Reposição Hormonal

tratamentos hormonios

A maioria dos indivíduos que procuram fazer modulação hormonal ou tratamento para a reposição hormonal, estão correndo atrás de mais qualidade de vida e longevidade. As promessas são realmente muito atraentes, desvirtuando em alguns casos, o real papel da otimização hormonal.

Na verdade, não utilizo o termo modulação hormonal, e sim, terapia de reposição hormonal, já que o primeiro, passa a impressão de que estamos lidando com substâncias inocentes, e que dispensam acompanhamento do médico nutrólogo, endocrinologista, ou mesmo de um clínico geral com boa formação.

O pico de produção hormonal, se dá na terceira década de vida, e a partir de então os níveis de hormônios começam a declinar, de forma gradual nos homens (testosterona e GH), e de maneira mais abrupta nas mulheres, com interrupção da síntese ovariana de estradiol, progesterona e também da testosterona, dando início a menopausa.

Entretanto, além dos hormônios sexuais, uma série de outros hormônios começam a cair com a idade, hormônios tireoideanos, hormônio do crescimento, hormônios adrenais…, sendo necessário um olhar atento do médico neste sentido.

Tratamento para reposição hormonal

Antes de indicar o tratamento através da reposição hormonal, a consulta junto ao endocrinologista precisa ser muito detalhada, ao ponto de identificar sinais e sintomas de desequilíbrios hormonais, através da história clínica e exame físico completo.

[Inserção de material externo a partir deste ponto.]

Lemma cubic_stepA N : zero_below N (cubic_residual (tail_series stepA finA N 0 Zeros false)).
Proof.
have := @tail_series_level0 _ _ stepA_asc N Zeros false.
have := @tail_series_level0 _ _ stepA_asc N AtZero false.
have := @tail_series_level0 _ _ stepA_asc N AtMax false.
have := @tail_series_level0 _ _ stepA_asc N AtMax true.
rewrite /= /finA -/tX polyC1 polyC0 !mul1r !mul0r !addr0.
set p := tail_series _ _ N 0 Zeros false; set z := tail_series _ _ N 0 AtZero false.
set n := tail_series _ _ N 0 AtMax false; set T := tail_series _ _ N 0 AtMax true.
rewrite /top_factor -/T; set K := 1 + tX * 'X * T.
move=> hT hn hz hp.
have hT' : zero_below N (T - (1 + 'X * (z * K + T * K + tX * T))).
  have -> : T - (1 + 'X * (z * K + T * K + tX * T)) =
      (T - (1 + 'X * (z * K + n * K + tX * T))) + 'X * K *
      ((n - (1 + 'X * (z * K + n * K + tX * T))) - (T - (1 + 'X * (z * K + n * K + tX * T))))
    by ring.
  by apply: zero_belowD => //; apply/zero_belowMl/zero_belowB.
have hzp : zero_below N (z - K * p).
  apply: (@zero_below_cancel _ _ K).
  have -> : (z - K * p) * (1 - 'X * K) =
      (z - (1 + 'X * (z * K + tX * T * K + tX * T))) - K * (p - (1 + 'X * (p * K + tX * T)))
    by rewrite /K; ring.
  by apply: zero_belowB => //; apply: zero_belowMl.
have -> : cubic_residual p =
    (tX * 'X * (T - (1 + 'X * (z * K + T * K + tX * T))) + tX * 'X^2 * K * (z - K * p))
      * (1 + 'X * p) ^+ 2
    + (p - (1 + 'X * (p * K + tX * T))) *
      ((1 + 'X * p) * (1 - tX * 'X + 'X) - (tX * 'X^2 * p + 'X) * (p + K * (1 + 'X * p)))
  by rewrite /cubic_residual /K; ring.
by apply: zero_belowD; apply: zero_belowMr => //; apply: zero_belowD; apply: zero_belowMl.
Qed.

Lemma cubic_stepG N : zero_below N (cubic_residual (tail_series stepG finG N 0 Zeros false)).
Proof.
have := @tail_series_level0 _ _ stepG_asc N Zeros false.
have := @tail_series_level0 _ _ stepG_asc N AtZero false.
have := @tail_series_level0 _ _ stepG_asc N AtMax false.
have := @tail_series_level0 _ _ stepG_asc N AtMax true.
rewrite /= -/tX polyC1 polyCD polyC0 polyC1 -/tX !mul1r !mul0r !addr0 !add0r.
set p := tail_series _ _ N 0 Zeros false; set z := tail_series _ _ N 0 AtZero false.
set n := tail_series _ _ N 0 AtMax false; set T := tail_series _ _ N 0 AtMax true.
rewrite /top_factor -/T; set K := 1 + tX * 'X * T.
move=> hT hn hz hp.
have hzp : zero_below N (z - K * p).
  apply: (@zero_below_cancel _ _ ((1 + tX) * K)).
  have -> : (z - K * p) * (1 - 'X * ((1 + tX) * K)) =
      (z - (1 + 'X * ((1 + tX) * z * K + tX * T * K + tX * T)))
      - K * (p - (1 + 'X * ((1 + tX) * p * K + tX * T)))
    by rewrite /K; ring.
  by apply: zero_belowB => //; apply: zero_belowMl.
have hnp : zero_below N (n - p * (1 + (1 + tX) * 'X * K * p)).
  apply: (@zero_below_cancel _ _ ((1 + tX) * K)).
  have -> : (n - p * (1 + (1 + tX) * 'X * K * p)) * (1 - 'X * ((1 + tX) * K)) =
      (n - (1 + 'X * ((1 + tX) * z * K + (1 + tX) * n * K + tX * T)))
      + (1 + tX) * 'X * K * (z - K * p)
      - (1 + (1 + tX) * 'X * K * p) * (p - (1 + 'X * ((1 + tX) * p * K + tX * T)))
    by rewrite /K; ring.
  by apply: zero_belowB; [apply: zero_belowD => //|]; apply: zero_belowMl.
have -> : cubic_residual p =
    (tX * 'X * (T - 'X * (z * K + n * K))
     + tX * 'X^2 * K * ((z - K * p) + (n - p * (1 + (1 + tX) * 'X * K * p))))
      * (1 + (1 + tX) * 'X * p)
    + (p - (1 + 'X * ((1 + tX) * p * K + tX * T)))
      * (1 - tX * 'X^2 * p * (1 + p + K * (1 + (1 + tX) * 'X * p)))
  by rewrite /cubic_residual /K; ring.
apply: zero_belowD; apply: zero_belowMr => //.
by apply: zero_belowD; apply: zero_belowMl => //; apply: zero_belowD.
Qed.

Lemma tail_sum_stepA_stepG m :
  tail_sum stepA finA m 0 Zeros false = tail_sum stepG finG m 0 Zeros false.
Proof.
have := cubic_residual_uniq (@cubic_stepA m.+1) (@cubic_stepG m.+1) (ltnSn m).
by rewrite coefB /tail_series !coef_trunc // => /eqP; rewrite subr_eq0 => /eqP.
Qed.

Definition entry (s : seq nat) i := nth 0%N s i.
Arguments entry : simpl never.

Fixpoint inv_seqs (n : nat) : seq (seq nat) :=
  if n is n'.+1 then [seq rcons s v | s <- inv_seqs n', v <- iota 0 n] else [:: [::]].

Definition is_inv (s : seq nat) := all (fun i => entry s i <= i)%N (iota 0 (size s)).

Lemma entry_rcons s v i : (i < size s)%N -> entry (rcons s v) i = entry s i.
Proof. by move=> h; rewrite /entry nth_rcons h. Qed.
Lemma entry_rcons_last s v : entry (rcons s v) (size s) = v.
Proof. by rewrite /entry nth_rcons ltnn eqxx. Qed.

Lemma iota0S n : iota 0 n.+1 = rcons (iota 0 n) n.
Proof. by rewrite -addn1 iotaD add0n cats1. Qed.

Lemma is_inv_rcons s v : is_inv (rcons s v) = is_inv s && (v <= size s)%N.
Proof.
rewrite /is_inv size_rcons iota0S all_rcons entry_rcons_last andbC; congr andb.
apply: eq_in_all => i; rewrite mem_iota add0n => /andP [_ h].
by rewrite entry_rcons.
Qed.

Lemma mem_inv_seqs n s : (s \in inv_seqs n) = (size s == n) && is_inv s.
Proof.
elim: n s => [|n ih] s.
  by case: s => [|a s] //=; rewrite inE.
case/lastP: s => [|s v].
  apply/negbTE/allpairsP => -[[s v] /= [_ _ e]].
  by move: e; case: s.
rewrite size_rcons eqSS is_inv_rcons.
apply/allpairsP/idP => [[[s' v'] []]|].
  rewrite mem_iota add0n ltnS /= => hs hv e.
  case: (rcons_inj e) => -> ->; move: hs; rewrite ih => /andP [/eqP hs ->].
  by rewrite hs eqxx /=.
move=> /and3P [/eqP hs hi hv]; exists (s, v); split.
- by rewrite ih hs eqxx.
- by rewrite mem_iota add0n ltnS -hs.
- by [].
Qed.

Lemma inv_seqs_uniq n : uniq (inv_seqs n).
Proof.
elim: n => [|n ih] //.
change (uniq [seq rcons s v | s <- inv_seqs n, v <- iota 0 n.+1]).
apply: allpairs_uniq => //; first exact: iota_uniq.
by move=> [s v] [s' v'] _ _ /= e; case: (rcons_inj e) => -> ->.
Qed.

Definition seqmax (s : seq nat) := foldr maxn 0%N s.
Lemma seqmax_rcons s v : seqmax (rcons s v) = maxn (seqmax s) v.
Proof. by elim: s => [|a s ih] /=; rewrite ?max0n ?maxn0 // ih maxnA. Qed.
Lemma seqmax_leq s v :
  (seqmax s <= v)%N = all (fun j => entry s j <= v)%N (iota 0 (size s)).
Proof.
have -> : all (fun j => entry s j <= v)%N (iota 0 (size s)) = all (fun x => x <= v)%N s.
  by rewrite -{3}(mkseq_nth 0%N s) /mkseq all_map.
by elim: s => [|a s ih] //=; rewrite geq_max ih.
Qed.

Definition zero_or_record (s : seq nat) :=
  all (fun k => (entry s k == 0%N) || all (fun j => entry s j <= entry s k)%N (iota 0 k))
    (iota 0 (size s)).

Lemma zero_or_record_rcons s v :
  zero_or_record (rcons s v) = zero_or_record s && ((v == 0%N) || (seqmax s <= v)%N).
Proof.
rewrite /zero_or_record size_rcons iota0S all_rcons entry_rcons_last seqmax_leq andbC.
congr andb.
  apply: eq_in_all => i; rewrite mem_iota add0n => /andP [_ h].
  rewrite entry_rcons //; congr orb.
  apply: eq_in_all => j; rewrite mem_iota add0n => /andP [_ hj].
  by rewrite entry_rcons // (ltn_trans hj).
congr orb; apply: eq_in_all => j; rewrite mem_iota add0n => /andP [_ h].
by rewrite entry_rcons.
Qed.

Definition last_entry (s : seq nat) := entry s (size s).-1.
Definition ends_asc (s : seq nat) :=
  (1 < size s)%N && (entry s (size s).-2 < entry s (size s).-1)%N.
Definition nasc (s : seq nat) :=
  count (fun i => entry s i < entry s i.+1)%N (iota 0 (size s).-1).
Definition no_dasc (s : seq nat) :=
  all (fun i => ~~ ((entry s i < entry s i.+1) && (entry s i.+1 < entry s i.+2)))%N
    (iota 0 (size s).-2).

Lemma last_entry_rcons s v : last_entry (rcons s v) = v.
Proof. by rewrite /last_entry size_rcons /= entry_rcons_last. Qed.

Lemma ends_asc_rcons s v : (0 < size s)%N -> ends_asc (rcons s v) = (last_entry s < v)%N.
Proof.
move=> h; rewrite /ends_asc size_rcons ltnS h /= entry_rcons_last /last_entry.
by rewrite entry_rcons // prednK.
Qed.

As queixas ligadas a falta de hormônios são as mais variadas possíveis. Destaco:

  1. Redução da força e perda muscular
  2. Diminuição da libido
  3. Ganho de peso
  4. Alterações do humor
  5. Depressão e má qualidade do sono
  6. Ressecamento vaginal
  7. Piora do rendimento físico.

Importância da avaliação laboratorial

A avaliação laboratorial é fundamental, as dosagens hormonais devem ser solicitadas de rotina. A interpretação dos vários exames pode trazer novas informações, confirmar outras, e permitir um acompanhamento muito mais seguro e maior eficiência do tratamento.

Paramos por aí?

Nada disso. Não é somente começar a repor hormônios. Como disse antes, a consulta precisa ser longa e investigativa. As deficiências hormonais podem ser reflexo da má qualidade do sono, da dieta, do excesso de peso, dos níveis de stress, da deficiência de vitaminas, da falta de exercício físico, entre outros.

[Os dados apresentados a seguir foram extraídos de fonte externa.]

Section SumProjections.
Variables A B : Type.
Implicit Type s : seq (A + B).

Lemma sum_swapK : cancel (@sum_swap A B) sum_swap.
Proof. by case. Qed.

Lemma lproj_swap s : lproj (map sum_swap s) = rproj s.
Proof. by elim: s => [|[a|b] s IHs] //=; rewrite /lproj /rproj /= in IHs *; rewrite IHs. Qed.

Lemma size_lproj_rproj s : size (lproj s) + size (rproj s) = size s.
Proof.
by elim: s => [|[a|b] s IHs] //=; rewrite /lproj /rproj /= in IHs *; rewrite -IHs ?addnS.
Qed.

Lemma lproj_rcons s x :
  lproj (rcons s x) = if x is inl a then rcons (lproj s) a else lproj s.
Proof. by rewrite /lproj -cats1 pmap_cat; case: x => [a|b] /=; rewrite ?cats1 ?cats0. Qed.

Lemma rproj_rcons s x :
  rproj (rcons s x) = if x is inr b then rcons (rproj s) b else rproj s.
Proof. by rewrite /rproj -cats1 pmap_cat; case: x => [a|b] /=; rewrite ?cats1 ?cats0. Qed.

Lemma lproj_cat s t : lproj (s ++ t) = lproj s ++ lproj t.
Proof. exact: pmap_cat. Qed.

Lemma rproj_cat s t : rproj (s ++ t) = rproj s ++ rproj t.
Proof. exact: pmap_cat. Qed.

Lemma lproj_inl (s : seq A) : lproj (map (@inl A B) s) = s.
Proof. by elim: s => //= a s IHs; rewrite /lproj /= -/(lproj _) IHs. Qed.

Lemma rproj_inl (s : seq A) : rproj (map (@inl A B) s) = [::].
Proof. by elim: s. Qed.

Lemma lproj_inr (s : seq B) : lproj (map (@inr A B) s) = [::].
Proof. by elim: s. Qed.

Lemma rproj_inr (s : seq B) : rproj (map (@inr A B) s) = s.
Proof. by elim: s => //= b s IHs; rewrite /rproj /= -/(rproj _) IHs. Qed.

End SumProjections.

Section SumProjectionsMem.
Variables A B : eqType.

Lemma mem_lproj (s : seq (A + B)) a : (a \in lproj s) = (inl a \in s).
Proof. by elim: s => [|[a'|b] s IHs] //=; rewrite /lproj /= in IHs *; rewrite !inE IHs. Qed.

Lemma mem_rproj (s : seq (A + B)) b : (b \in rproj s) = (inr b \in s).
Proof. by elim: s => [|[a|b'] s IHs] //=; rewrite /rproj /= in IHs *; rewrite !inE IHs. Qed.

End SumProjectionsMem.

Section DisjointUnion.
Variables G H : sgraph.
Implicit Type p : seq (gsum G H).

Lemma gsum_swap_adj (x y : gsum G H) : @adj (gsum H G) (sum_swap x) (sum_swap y) = adj x y.
Proof. by case: x => a; case: y => b. Qed.

Lemma gsum_cnbhd_inl (v w : G) :
  ((inl w : gsum G H) \in cnbhd (inl v : gsum G H)) = (w \in cnbhd v).
Proof. by rewrite (@in_cnbhd (gsum G H)) in_cnbhd. Qed.

Lemma gsum_cnbhd_inr_inl (v : G) (w : H) :
  ((inr w : gsum G H) \in cnbhd (inl v : gsum G H)) = false.
Proof. by rewrite (@in_cnbhd (gsum G H)). Qed.

Lemma gsum_cnbhd_inl_inr (v : H) (w : G) :
  ((inl w : gsum G H) \in cnbhd (inr v : gsum G H)) = false.
Proof. by rewrite (@in_cnbhd (gsum G H)). Qed.

Lemma dom_count_gsum_inl (w : G) p : dom_count (inl w : gsum G H) p = dom_count w (lproj p).
Proof.
elim: p => [|[a|b] p IHp] //=; rewrite /lproj /dom_count /= in IHp *.
  by rewrite gsum_cnbhd_inl IHp.
by rewrite gsum_cnbhd_inl_inr IHp.
Qed.

Lemma dns_step_gsum_inl p (v : G) : dns_step p (inl v : gsum G H) = dns_step (lproj p) v.
Proof.
apply/existsP/existsP => [[[w|w] /andP [w_v w_p]]|[w /andP [w_v w_p]]].
- by exists w; rewrite -gsum_cnbhd_inl w_v -/(dom_count _ _) -dom_count_gsum_inl.
- by rewrite gsum_cnbhd_inr_inl in w_v.
- by exists (inl w); rewrite gsum_cnbhd_inl w_v -/(dom_count _ _) dom_count_gsum_inl.
Qed.

End DisjointUnion.

Lemma dns_step_gsum_inr (G H : sgraph) (p : seq (gsum G H)) (v : H) :
  dns_step p (inr v : gsum G H) = dns_step (rproj p) v.
Proof.
rewrite -(@dns_step_map (gsum G H) (gsum H G) _ _
            (@sum_swapK _ _) (@sum_swapK _ _) (@gsum_swap_adj G H)) /=.
by rewrite dns_step_gsum_inl lproj_swap.
Qed.

Lemma is_dns_gsum (G H : sgraph) (p : seq (gsum G H)) :
  is_dns p = is_dns (lproj p) && is_dns (rproj p).
Proof.
elim/last_ind: p => [|p x IHp]; first by rewrite !is_dns_nil.
rewrite is_dns_rcons lproj_rcons rproj_rcons IHp.
case: x => [a|b]; rewrite is_dns_rcons.
  rewrite dns_step_gsum_inl mem_lproj.
  by case: (is_dns (lproj p)); case: (is_dns (rproj p)); rewrite /= ?andbT ?andbF.
rewrite dns_step_gsum_inr mem_rproj.
by case: (is_dns (lproj p)); case: (is_dns (rproj p)); rewrite /= ?andbT ?andbF.
Qed.

Lemma is_dns_gsum_seq (G H : sgraph) (s : seq G) (t : seq H) :
  @is_dns (gsum G H) (seqL H s ++ seqR G t) = is_dns s && is_dns t.
Proof.
by rewrite is_dns_gsum lproj_cat rproj_cat lproj_inl lproj_inr rproj_inl rproj_inr cats0.
Qed.

Lemma gdns_gsum (G H : sgraph) : gdns (gsum G H) = gdns G + gdns H.
Proof.
apply/eqP; rewrite eqn_leq; apply/andP; split.
  case: (exists_dns_gdns (gsum G H)) => S; rewrite is_dns_gsum => /andP [dns_l dns_r] <-.
  by rewrite -size_lproj_rproj leq_add ?size_dns_le_gdns.
case: (exists_dns_gdns G) => s dns_s <-; case: (exists_dns_gdns H) => t dns_t <-.
have := @size_dns_le_gdns (gsum G H) (seqL H s ++ seqR G t).
by rewrite is_dns_gsum_seq dns_s dns_t size_cat !size_map; apply.
Qed.

Lemma mdns_gsum (G H : sgraph) (s : seq G) (t : seq H) :
  is_mdns s -> is_mdns t -> @is_mdns (gsum G H) (seqL H s ++ seqR G t).
Proof.
rewrite !mdnsE is_dns_gsum_seq size_cat !size_map gdns_gsum.
by move=> [-> ->] [-> ->].
Qed.

Lemma map_swap_seqL (G H : sgraph) (s : seq H) : map sum_swap (seqL G s) = seqR G s.
Proof. by rewrite -map_comp. Qed.

Section Join.
Variables G H : sgraph.
Implicit Type p : seq (gjoin G H).

Lemma gjoin_swap_adj (x y : gjoin G H) : @adj (gjoin H G) (sum_swap x) (sum_swap y) = adj x y.
Proof. by case: x => a; case: y => b. Qed.

Lemma gjoin_cnbhd_inl (v w : G) :
  ((inl w : gjoin G H) \in cnbhd (inl v : gjoin G H)) = (w \in cnbhd v).
Proof. by rewrite (@in_cnbhd (gjoin G H)) in_cnbhd. Qed.

Lemma gjoin_cnbhd_inr (v w : H) :
  ((inr w : gjoin G H) \in cnbhd (inr v : gjoin G H)) = (w \in cnbhd v).
Proof. by rewrite (@in_cnbhd (gjoin G H)) in_cnbhd. Qed.

Lemma gjoin_cnbhd_inr_inl (v : G) (w : H) : (inr w : gjoin G H) \in cnbhd (inl v : gjoin G H).
Proof. by rewrite (@in_cnbhd (gjoin G H)) orbT. Qed.

Lemma gjoin_cnbhd_inl_inr (v : H) (w : G) : (inl w : gjoin G H) \in cnbhd (inr v : gjoin G H).
Proof. by rewrite (@in_cnbhd (gjoin G H)) orbT. Qed.

Lemma dom_count_gjoin_inl (w : G) p :
  dom_count (inl w : gjoin G H) p = dom_count w (lproj p) + size (rproj p).
Proof.
elim: p => [|[a|b] p IHp] //=; rewrite /lproj /rproj /dom_count /= in IHp *; rewrite IHp.
  by rewrite gjoin_cnbhd_inl addnA.
by rewrite gjoin_cnbhd_inl_inr add1n addnS.
Qed.

Lemma dom_count_gjoin_inr (w : H) p :
  dom_count (inr w : gjoin G H) p = size (lproj p) + dom_count w (rproj p).
Proof.
elim: p => [|[a|b] p IHp] //=; rewrite /lproj /rproj /dom_count /= in IHp *; rewrite IHp.
  by rewrite gjoin_cnbhd_inr_inl addSn.
by rewrite gjoin_cnbhd_inr addnCA.
Qed.

Lemma dns_step_gjoin_inl p (v : G) :
  dns_step p (inl v : gjoin G H) <->
  (exists2 w, w \in cnbhd v & dom_count w (lproj p) + size (rproj p) <= 1) \/
  (exists w, size (lproj p) + dom_count w (rproj p) <= 1).
Proof.
split=> [/existsP [[w|w] /andP [w_v w_p]]|[[w w_v w_p]|[w w_p]]].
- by left; exists w; rewrite -?gjoin_cnbhd_inl -?dom_count_gjoin_inl.
- by right; exists w; rewrite -dom_count_gjoin_inr.
- apply/existsP; exists (inl w).
  by rewrite gjoin_cnbhd_inl w_v -/(dom_count _ _) dom_count_gjoin_inl.
- apply/existsP; exists (inr w).
  by rewrite gjoin_cnbhd_inr_inl -/(dom_count _ _) dom_count_gjoin_inr.
Qed.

Mas, quando a reposição hormonal for realmente indicada, os resultados com o tratamento são rápidos, seguros e trazem ganhos expressivos para a qualidade de vida.

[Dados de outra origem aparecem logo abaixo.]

Lemma qvalue_in_range V a s : in_F M V -> 0 <= qvalue V a s <= M%:E.
Proof.
move=> hV; have [mV _] := hV; have /andP[r0 rM] := r_bound s a.
apply/andP; split.
  by apply: adde_ge0; rewrite ?lee_fin // mule_ge0 ?lee_fin //; apply: integral_ge0 => y _;
    exact: in_F_ge0.
apply: (@le_trans _ _ (Rmax%:E + gamma%:E * M%:E)); last by rewrite -EFinM -EFinD M_fixed.
apply: leeD; first by rewrite lee_fin.
apply: lee_wpmul2l; first by rewrite lee_fin.
by apply: (Pop_le_cst p (fun=> a)) => // y; case: hV => _ /(_ y).
Qed.

Lemma qvalue_fin V a s : in_F M V -> qvalue V a s \is a fin_num.
Proof.
by move/(qvalue_in_range a s)/andP=> [q0 qM]; rewrite ge0_fin_numE // (le_lt_trans qM) ?ltry.
Qed.

Lemma qvalue_le V W a s : in_F M V -> in_F M W ->
  qvalue V a s <= qvalue W a s + gamma%:E * \int[p a s]_y absdiff V W y.
Proof.
move=> hV hW; have [mV _] := hV; have [mW _] := hW.
have int_le : \int[p a s]_y V y <= \int[p a s]_y W y + \int[p a s]_y absdiff V W y.
  rewrite -ge0_integralD // => [||y _|]; last exact: measurable_absdiff.
  - apply: ge0_le_integral => // [y _||y _]; first exact: in_F_ge0.
      by apply: emeasurable_funD => //; exact: measurable_absdiff.
    by apply: lee_add_abseB_fin; exact: in_F_fin.
  - by move=> y _; exact: in_F_ge0.
  - exact: abse_ge0.
rewrite /qvalue -addeA leeD2l // -ge0_muleDr; last 2 first.
- by apply: integral_ge0 => y _; exact: in_F_ge0.
- by apply: integral_ge0 => y _; exact: abse_ge0.
by apply: lee_wpmul2l; rewrite ?lee_fin.
Qed.

Lemma Tpi_in_F mu : is_policy mu -> forall V, in_F M V -> in_F M (Tpi r gamma p mu V).
Proof.
move=> hmu V hV; split => [|s]; last exact: qvalue_in_range.
by apply: (measurable_fun_policy (F := qvalue V)) => // a; exact: measurable_qvalue.
Qed.

Lemma Tpi_absdiff_le mu V W s : in_F M V -> in_F M W ->
  absdiff (Tpi r gamma p mu V) (Tpi r gamma p mu W) s <=
    gamma%:E * Pop p mu (absdiff V W) s.
Proof.
move=> hV hW; apply: abseB_le_fin; rewrite ?qvalue_fin //; first exact: qvalue_le.
by rewrite /Pop (absdiffC hV hW); exact: qvalue_le.
Qed.

Section optimal.
Variable a0 : A.
Lemma bvert_S_pt i : bvert a (S i) =
  pt a (- r ^ 3 * lucas r i / (1 - r ^ 2)) (1 + r ^ 2 * lucas r (S i) / (1 - r ^ 2)).
Proof.
  unfold bvert. rewrite vertex_scale_a, Cmod_a_pow4, Cpow_a_pt, scale_pt.
  unfold pt. rewrite !RtoC_plus.
  replace (1 / (1 - r ^ 2) * r ^ 2 * (- r * lucas r i))
    with (- r ^ 3 * lucas r i / (1 - r ^ 2)) by solve_coord.
  replace (1 / (1 - r ^ 2) * r ^ 2 * lucas r (S i))
    with (r ^ 2 * lucas r (S i) / (1 - r ^ 2)) by solve_coord.
  ring.
Qed.

Local Notation V := (vertices a).

Lemma co_zvert k :
  co V (pt a (- r * lucas r k / (1 - r ^ 2)) (lucas r (S k) / (1 - r ^ 2))).
Proof. rewrite <- zvert_pt. apply co_in. right; left; eauto. Qed.

Lemma co_wvert j :
  co V (pt a (1 + r ^ 2 * lucas r j / (1 - r ^ 2)) (- r * lucas r (S j) / (1 - r ^ 2))).
Proof. rewrite <- wvert_pt. apply co_in. right; right. exists (S j). split; [lia|reflexivity]. Qed.

Lemma co_bvert0 : co V (pt a (r ^ 2 / (1 - r ^ 2)) 1).
Proof. rewrite <- bvert0_pt. apply co_in. left; reflexivity. Qed.

Local Ltac solve_weight := pose proof quarter_le_r;
  repeat (apply Rdiv_le_0_compat || apply Rmult_le_pos); nra.

Local Ltac solve_combination := first [solve_weight | solve_coord].

Lemma co_real_point : co V (pt a (1 / (1 + r)) 0).
Proof.
  apply (co_pt_convex3 (1 / (1 + r)) (r / (1 + r)) 0 (co_wvert 0) (co_zvert 0) (co_zvert 0));
    solve_combination.
Qed.

Lemma co_bvert j : co V (bvert a j).
Proof.
  destruct j as [|i]; [apply co_in; left; reflexivity|].
  rewrite bvert_S_pt.
  apply (co_pt_convex3 (1 - r ^ 2) (r ^ 2) 0 (co_zvert 0) (co_zvert i) (co_zvert 0));
    solve_combination.
Qed.

Lemma co_f1_bvert0 : co V (a * bvert a 0)%C.
Proof.
  rewrite bvert0_pt, f1_pt.
  apply (co_pt_convex3 (1 - r ^ 2) (r ^ 2) 0 (co_zvert 1) (co_zvert 0) (co_zvert 0));
    solve_combination.
Qed.

Lemma co_f2_bvert0 : co V (1 - Cconj a * bvert a 0)%C.
Proof.
  rewrite bvert0_pt, f2_pt.
  apply (co_pt_convex3 (1 - r) r 0 (co_wvert 0) (co_zvert 1) (co_zvert 0));
    solve_combination.
Qed.

Lemma f1_zvert k : (a * zvert a k)%C = zvert a (S k).
Proof. unfold zvert. change (Defs.Cpow a (S (S k))) with (a * Defs.Cpow a (S k))%C. ring. Qed.

Lemma f2_zvert_S j : (1 - Cconj a * zvert a (S j))%C = wvert a (S j).
Proof.
  unfold zvert, wvert. change (Defs.Cpow a (S (S j))) with (a * Defs.Cpow a (S j))%C.
  rewrite RtoC_mult, Cmod2_conj. ring.
Qed.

Tipos de hormônios utilizados:

Hormônios bioidênticos

Apresentam estrutura molecular idêntica aos hormônios produzidos pelo nosso próprio corpo. Isso não quer dizer que são isentos de riscos, porém, o uso de hormônios bioidênticos traria maios segurança para o tratamento.

Ex. testosterona, estradiol, estriol, tiroxina, progesterona, pregnenolona, GH…

Hormônios sintéticos

São parecidos estruturalmente com os hormônios naturais, mas não idênticos.

Ex. estrógenos conjugados, medroxiprogesterona…

O acompanhamento do paciente deve ser frequente,  geralmente a cada 2 a 3 meses, no início de tratamento, e espaçando-se com o tempo.